▶ _What the task requires_:
Find the line with "origin G o i <" and the line with "Definition evec (G" in the entries below; output exactly those two lines, every line between them, and no others.

START Supplied entries

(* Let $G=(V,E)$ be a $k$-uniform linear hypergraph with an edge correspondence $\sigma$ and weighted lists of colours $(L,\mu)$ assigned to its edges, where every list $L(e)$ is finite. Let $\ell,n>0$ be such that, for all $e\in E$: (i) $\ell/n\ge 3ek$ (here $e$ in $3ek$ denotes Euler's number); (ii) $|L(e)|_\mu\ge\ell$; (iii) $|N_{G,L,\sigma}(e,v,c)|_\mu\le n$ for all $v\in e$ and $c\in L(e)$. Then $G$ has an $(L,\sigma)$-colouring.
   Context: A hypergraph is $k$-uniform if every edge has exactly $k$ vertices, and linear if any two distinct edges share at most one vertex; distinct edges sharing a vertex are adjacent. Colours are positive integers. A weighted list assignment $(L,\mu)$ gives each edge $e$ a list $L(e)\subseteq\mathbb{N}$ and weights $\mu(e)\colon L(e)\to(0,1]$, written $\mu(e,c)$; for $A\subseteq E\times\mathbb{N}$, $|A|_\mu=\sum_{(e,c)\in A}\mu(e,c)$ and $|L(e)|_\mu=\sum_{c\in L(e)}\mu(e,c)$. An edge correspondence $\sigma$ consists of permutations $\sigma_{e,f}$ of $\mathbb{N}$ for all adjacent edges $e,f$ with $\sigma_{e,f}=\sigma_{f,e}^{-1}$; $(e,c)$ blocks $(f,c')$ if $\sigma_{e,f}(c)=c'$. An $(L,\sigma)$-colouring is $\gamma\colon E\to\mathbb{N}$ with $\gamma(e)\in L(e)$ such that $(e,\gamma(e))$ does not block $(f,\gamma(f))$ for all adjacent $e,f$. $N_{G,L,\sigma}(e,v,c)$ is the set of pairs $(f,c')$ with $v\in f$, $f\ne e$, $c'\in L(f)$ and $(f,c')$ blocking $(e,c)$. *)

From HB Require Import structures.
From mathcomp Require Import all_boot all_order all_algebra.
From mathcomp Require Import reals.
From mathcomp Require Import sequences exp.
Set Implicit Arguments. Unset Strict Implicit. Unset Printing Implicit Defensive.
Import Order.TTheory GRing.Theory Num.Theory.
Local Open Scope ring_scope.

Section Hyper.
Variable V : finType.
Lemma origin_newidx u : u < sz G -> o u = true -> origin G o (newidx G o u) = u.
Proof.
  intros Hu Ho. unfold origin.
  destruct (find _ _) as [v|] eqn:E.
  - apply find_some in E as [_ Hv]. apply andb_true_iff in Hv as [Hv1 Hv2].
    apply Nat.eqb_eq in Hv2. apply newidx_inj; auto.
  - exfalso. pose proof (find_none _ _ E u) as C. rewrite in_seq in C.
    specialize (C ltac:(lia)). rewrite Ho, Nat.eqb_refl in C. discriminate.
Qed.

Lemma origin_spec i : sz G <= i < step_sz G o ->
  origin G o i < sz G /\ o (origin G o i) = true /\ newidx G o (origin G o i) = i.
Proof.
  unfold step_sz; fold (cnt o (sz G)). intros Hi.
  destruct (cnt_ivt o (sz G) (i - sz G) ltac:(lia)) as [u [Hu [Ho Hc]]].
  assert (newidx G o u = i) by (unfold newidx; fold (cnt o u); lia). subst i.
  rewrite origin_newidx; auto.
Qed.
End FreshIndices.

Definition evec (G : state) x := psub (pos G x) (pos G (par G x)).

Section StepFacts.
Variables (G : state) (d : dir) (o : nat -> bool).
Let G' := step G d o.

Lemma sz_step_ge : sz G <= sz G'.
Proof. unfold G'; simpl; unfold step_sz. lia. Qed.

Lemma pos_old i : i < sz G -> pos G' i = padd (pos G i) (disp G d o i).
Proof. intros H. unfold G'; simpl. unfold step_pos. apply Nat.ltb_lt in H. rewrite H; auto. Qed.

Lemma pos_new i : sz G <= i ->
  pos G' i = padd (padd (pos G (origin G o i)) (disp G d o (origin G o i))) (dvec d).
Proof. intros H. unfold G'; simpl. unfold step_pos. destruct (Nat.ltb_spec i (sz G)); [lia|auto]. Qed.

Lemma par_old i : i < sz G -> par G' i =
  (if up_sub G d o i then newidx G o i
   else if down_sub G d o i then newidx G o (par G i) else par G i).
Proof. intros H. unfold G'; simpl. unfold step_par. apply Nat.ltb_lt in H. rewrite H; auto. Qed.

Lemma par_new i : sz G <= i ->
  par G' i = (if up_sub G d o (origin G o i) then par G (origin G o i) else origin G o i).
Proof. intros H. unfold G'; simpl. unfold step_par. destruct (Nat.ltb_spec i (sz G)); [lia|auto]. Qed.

END Supplied entries
START Supplied entries

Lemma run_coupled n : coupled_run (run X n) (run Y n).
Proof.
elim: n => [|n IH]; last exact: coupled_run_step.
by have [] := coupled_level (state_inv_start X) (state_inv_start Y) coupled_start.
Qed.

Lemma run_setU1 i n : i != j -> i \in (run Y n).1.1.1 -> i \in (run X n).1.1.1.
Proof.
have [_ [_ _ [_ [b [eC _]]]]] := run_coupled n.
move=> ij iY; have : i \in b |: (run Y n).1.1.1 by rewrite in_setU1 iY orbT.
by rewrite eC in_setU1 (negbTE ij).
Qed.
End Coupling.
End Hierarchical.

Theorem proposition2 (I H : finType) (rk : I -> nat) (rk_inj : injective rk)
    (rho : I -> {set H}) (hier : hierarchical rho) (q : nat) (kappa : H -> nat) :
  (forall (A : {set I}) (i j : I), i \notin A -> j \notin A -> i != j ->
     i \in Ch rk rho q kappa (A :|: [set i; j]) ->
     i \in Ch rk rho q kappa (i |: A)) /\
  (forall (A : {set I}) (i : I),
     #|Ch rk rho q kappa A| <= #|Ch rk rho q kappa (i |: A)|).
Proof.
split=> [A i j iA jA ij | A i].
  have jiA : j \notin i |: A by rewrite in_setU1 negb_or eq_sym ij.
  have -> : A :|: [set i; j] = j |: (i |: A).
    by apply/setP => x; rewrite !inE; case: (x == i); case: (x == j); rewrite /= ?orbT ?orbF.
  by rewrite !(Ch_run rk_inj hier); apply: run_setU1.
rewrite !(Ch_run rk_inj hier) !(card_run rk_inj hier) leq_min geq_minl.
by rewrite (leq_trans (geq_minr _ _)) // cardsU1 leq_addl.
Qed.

END Supplied entries
START Supplied entries

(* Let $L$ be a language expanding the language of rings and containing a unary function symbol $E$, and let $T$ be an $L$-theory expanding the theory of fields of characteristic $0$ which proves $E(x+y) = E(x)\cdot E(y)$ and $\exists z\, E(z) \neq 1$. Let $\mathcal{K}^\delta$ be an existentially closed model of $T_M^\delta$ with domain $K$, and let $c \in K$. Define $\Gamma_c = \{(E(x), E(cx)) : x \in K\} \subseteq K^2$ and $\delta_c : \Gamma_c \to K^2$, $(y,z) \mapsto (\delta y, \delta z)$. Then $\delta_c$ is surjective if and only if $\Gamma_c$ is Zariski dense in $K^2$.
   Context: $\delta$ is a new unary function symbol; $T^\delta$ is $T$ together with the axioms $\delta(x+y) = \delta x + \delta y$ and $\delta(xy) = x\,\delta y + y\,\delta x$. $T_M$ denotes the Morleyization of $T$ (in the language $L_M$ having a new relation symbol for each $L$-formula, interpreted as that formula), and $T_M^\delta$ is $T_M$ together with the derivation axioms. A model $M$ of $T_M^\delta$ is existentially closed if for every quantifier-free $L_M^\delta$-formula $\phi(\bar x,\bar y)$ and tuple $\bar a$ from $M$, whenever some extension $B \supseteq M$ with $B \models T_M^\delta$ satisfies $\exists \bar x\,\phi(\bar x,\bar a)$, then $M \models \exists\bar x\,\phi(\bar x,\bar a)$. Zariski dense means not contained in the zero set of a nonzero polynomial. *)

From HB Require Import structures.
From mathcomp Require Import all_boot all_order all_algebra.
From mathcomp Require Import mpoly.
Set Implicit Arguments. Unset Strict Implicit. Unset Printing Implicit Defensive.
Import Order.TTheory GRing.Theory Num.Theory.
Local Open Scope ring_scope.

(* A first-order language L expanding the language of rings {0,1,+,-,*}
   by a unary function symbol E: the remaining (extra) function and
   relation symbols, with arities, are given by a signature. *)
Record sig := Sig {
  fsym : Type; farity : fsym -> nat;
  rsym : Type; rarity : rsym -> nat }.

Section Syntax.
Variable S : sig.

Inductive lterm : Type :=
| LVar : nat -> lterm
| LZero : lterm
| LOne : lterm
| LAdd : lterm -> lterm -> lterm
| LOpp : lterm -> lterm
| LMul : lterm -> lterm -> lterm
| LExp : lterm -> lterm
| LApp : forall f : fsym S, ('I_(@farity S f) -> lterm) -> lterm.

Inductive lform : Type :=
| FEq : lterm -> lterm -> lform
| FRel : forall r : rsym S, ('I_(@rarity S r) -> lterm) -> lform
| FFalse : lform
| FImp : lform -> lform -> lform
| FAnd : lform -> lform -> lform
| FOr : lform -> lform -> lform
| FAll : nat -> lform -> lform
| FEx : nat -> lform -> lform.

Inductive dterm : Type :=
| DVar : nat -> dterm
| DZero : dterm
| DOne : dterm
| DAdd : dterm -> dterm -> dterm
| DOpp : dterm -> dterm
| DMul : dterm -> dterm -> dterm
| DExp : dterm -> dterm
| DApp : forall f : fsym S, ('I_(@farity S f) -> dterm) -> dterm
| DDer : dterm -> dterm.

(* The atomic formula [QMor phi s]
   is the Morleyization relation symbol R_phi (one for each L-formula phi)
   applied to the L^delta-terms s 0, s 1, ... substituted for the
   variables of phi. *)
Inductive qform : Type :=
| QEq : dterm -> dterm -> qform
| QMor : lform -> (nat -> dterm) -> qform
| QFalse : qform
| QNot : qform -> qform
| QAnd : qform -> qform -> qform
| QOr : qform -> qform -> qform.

END Supplied entries

▶ _Written answer_:
  origin G o i < sz G /\ o (origin G o i) = true /\ newidx G o (origin G o i) = i.
Proof.
  unfold step_sz; fold (cnt o (sz G)). intros Hi.
  destruct (cnt_ivt o (sz G) (i - sz G) ltac:(lia)) as [u [Hu [Ho Hc]]].
  assert (newidx G o u = i) by (unfold newidx; fold (cnt o u); lia). subst i.
  rewrite origin_newidx; auto.
Qed.
End FreshIndices.

Definition evec (G : state) x := psub (pos G x) (pos G (par G x)).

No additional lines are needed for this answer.